## Data entries
- - - -
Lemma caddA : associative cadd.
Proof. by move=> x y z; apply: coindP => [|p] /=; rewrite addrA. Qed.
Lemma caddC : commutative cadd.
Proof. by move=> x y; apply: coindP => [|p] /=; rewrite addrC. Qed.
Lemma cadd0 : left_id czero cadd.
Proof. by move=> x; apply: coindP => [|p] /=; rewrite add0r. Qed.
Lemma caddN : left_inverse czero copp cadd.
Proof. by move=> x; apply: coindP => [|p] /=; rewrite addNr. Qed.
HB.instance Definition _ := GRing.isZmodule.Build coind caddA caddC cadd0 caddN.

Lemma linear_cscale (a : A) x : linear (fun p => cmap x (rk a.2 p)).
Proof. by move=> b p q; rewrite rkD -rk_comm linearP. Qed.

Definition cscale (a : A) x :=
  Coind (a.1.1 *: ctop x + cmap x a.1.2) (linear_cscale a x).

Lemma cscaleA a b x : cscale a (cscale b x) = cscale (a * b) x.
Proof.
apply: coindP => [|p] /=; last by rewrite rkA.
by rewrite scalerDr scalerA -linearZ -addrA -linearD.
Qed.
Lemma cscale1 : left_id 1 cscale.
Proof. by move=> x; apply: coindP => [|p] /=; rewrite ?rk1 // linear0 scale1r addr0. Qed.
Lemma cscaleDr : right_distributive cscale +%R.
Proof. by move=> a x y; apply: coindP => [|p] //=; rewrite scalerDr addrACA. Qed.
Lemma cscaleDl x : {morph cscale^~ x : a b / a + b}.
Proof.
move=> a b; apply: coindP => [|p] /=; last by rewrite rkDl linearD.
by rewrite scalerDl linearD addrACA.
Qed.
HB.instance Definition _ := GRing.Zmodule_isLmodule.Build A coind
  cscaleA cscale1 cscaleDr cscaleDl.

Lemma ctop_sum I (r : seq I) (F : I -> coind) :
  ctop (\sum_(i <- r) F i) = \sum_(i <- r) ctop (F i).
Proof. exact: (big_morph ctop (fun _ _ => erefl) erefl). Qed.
- - - -
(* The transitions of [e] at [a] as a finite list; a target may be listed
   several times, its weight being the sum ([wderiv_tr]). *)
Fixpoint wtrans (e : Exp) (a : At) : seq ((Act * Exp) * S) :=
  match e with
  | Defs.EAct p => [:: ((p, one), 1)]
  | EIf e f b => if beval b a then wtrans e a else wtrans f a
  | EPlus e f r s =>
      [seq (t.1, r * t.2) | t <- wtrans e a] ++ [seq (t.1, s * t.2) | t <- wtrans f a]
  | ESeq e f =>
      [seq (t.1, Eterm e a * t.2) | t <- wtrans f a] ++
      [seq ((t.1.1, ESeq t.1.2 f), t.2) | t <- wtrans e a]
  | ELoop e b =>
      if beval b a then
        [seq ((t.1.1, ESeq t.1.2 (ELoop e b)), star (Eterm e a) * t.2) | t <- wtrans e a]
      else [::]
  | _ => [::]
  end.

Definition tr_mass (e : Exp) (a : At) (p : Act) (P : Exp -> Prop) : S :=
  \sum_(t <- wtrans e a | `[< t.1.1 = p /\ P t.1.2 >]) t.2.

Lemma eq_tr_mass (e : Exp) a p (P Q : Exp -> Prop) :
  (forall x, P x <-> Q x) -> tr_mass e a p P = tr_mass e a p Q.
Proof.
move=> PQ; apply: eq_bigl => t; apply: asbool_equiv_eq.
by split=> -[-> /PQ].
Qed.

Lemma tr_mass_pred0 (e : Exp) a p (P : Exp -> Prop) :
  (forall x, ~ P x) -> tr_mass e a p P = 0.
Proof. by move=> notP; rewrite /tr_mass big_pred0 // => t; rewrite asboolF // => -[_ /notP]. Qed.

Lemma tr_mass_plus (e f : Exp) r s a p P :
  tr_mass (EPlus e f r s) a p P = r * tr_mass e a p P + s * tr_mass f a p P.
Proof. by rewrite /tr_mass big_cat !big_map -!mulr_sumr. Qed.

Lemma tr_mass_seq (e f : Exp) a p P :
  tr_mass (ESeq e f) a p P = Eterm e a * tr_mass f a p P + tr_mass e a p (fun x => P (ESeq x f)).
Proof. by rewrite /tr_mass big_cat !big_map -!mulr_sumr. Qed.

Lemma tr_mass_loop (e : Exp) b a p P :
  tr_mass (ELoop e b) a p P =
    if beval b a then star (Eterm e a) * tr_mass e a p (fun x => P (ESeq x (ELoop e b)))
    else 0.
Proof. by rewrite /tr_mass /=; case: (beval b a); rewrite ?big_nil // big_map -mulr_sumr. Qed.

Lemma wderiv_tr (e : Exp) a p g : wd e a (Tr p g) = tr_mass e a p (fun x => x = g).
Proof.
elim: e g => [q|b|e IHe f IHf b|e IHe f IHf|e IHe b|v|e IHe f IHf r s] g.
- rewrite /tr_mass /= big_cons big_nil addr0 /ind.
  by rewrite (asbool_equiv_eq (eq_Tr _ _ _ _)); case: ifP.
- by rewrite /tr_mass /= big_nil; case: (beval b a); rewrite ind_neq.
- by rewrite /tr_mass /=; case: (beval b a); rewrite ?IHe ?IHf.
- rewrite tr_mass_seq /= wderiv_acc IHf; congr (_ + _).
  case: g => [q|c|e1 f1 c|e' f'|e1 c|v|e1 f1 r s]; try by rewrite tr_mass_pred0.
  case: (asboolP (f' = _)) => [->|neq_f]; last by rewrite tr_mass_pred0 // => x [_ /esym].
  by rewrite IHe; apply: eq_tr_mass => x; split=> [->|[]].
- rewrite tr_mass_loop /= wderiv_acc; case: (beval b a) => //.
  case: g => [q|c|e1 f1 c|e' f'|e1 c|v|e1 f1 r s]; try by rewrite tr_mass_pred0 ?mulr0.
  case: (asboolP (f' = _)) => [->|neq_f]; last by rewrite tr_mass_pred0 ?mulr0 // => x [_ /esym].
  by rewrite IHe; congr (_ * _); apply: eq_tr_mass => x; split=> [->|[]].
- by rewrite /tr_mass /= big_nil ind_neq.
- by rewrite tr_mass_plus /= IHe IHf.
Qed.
- - - -
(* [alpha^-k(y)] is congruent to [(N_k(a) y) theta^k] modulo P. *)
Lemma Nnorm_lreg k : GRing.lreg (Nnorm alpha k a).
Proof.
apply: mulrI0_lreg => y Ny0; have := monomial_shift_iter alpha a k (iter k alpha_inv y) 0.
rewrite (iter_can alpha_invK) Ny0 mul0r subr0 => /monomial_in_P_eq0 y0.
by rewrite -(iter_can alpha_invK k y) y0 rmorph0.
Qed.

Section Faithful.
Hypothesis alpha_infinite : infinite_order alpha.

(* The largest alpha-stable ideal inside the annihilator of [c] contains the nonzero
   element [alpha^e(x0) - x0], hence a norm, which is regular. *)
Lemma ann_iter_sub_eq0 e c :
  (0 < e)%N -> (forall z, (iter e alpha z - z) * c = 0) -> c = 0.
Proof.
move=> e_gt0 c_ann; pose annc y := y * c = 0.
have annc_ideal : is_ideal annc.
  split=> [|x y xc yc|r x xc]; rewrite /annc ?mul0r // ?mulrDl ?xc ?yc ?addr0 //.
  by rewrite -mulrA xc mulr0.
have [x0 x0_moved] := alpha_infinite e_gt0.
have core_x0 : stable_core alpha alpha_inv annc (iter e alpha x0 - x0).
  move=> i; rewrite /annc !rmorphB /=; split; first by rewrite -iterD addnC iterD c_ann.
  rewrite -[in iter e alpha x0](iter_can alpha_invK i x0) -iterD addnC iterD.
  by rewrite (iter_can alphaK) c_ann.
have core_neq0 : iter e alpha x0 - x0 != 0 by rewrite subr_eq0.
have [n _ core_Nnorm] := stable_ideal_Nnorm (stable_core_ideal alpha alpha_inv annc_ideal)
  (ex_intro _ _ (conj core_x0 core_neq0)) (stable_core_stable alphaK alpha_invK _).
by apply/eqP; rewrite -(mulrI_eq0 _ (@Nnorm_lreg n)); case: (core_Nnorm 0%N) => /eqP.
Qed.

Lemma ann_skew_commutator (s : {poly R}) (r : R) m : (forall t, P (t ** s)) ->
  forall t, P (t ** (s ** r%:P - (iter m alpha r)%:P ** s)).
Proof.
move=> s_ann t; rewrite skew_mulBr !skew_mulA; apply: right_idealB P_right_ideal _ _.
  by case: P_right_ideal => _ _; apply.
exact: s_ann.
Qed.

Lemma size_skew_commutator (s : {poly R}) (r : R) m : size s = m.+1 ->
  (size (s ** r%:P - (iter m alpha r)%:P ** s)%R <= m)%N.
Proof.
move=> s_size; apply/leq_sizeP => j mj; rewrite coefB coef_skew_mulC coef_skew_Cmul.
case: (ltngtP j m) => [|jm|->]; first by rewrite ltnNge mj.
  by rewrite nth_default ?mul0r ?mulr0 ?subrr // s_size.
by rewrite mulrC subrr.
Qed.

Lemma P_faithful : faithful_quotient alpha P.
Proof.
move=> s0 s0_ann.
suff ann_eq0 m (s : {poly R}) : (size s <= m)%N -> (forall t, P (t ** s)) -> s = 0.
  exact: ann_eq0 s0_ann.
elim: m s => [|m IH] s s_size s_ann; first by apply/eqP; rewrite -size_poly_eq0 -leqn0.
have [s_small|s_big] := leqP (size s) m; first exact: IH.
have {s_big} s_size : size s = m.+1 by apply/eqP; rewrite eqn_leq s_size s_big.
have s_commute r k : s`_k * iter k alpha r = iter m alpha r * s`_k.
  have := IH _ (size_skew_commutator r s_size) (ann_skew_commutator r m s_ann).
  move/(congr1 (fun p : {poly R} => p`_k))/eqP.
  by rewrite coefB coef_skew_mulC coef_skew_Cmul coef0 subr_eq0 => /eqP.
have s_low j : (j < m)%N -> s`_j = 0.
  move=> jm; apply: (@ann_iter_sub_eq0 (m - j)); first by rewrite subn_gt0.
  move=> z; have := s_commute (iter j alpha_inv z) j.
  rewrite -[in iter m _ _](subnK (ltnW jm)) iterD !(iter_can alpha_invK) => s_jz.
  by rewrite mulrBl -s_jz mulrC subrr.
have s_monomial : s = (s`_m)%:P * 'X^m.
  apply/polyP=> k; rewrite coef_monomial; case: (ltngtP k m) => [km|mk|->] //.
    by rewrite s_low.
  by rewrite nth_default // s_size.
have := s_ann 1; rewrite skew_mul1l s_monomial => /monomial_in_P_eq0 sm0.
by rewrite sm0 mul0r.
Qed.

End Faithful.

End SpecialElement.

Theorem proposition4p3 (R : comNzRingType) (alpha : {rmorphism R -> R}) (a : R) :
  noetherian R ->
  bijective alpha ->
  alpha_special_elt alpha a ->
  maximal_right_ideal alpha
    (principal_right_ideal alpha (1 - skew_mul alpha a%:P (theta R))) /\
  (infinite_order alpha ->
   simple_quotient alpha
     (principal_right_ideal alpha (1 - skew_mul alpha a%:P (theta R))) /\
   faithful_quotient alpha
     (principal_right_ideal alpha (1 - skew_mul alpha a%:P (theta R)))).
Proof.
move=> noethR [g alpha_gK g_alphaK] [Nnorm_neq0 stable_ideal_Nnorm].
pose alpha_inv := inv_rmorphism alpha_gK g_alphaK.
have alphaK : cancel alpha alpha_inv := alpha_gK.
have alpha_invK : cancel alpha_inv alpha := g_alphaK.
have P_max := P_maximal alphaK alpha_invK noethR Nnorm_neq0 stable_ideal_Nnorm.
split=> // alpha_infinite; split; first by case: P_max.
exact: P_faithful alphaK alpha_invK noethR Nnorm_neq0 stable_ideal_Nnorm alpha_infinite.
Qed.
- - - -
## Your objective
Check every line of the data above for the string "instance", and copy those that have it.

## Written solution
HB.instance Definition _ := GRing.isZmodule.Build coind caddA caddC cadd0 caddN.
HB.instance Definition _ := GRing.Zmodule_isLmodule.Build A coind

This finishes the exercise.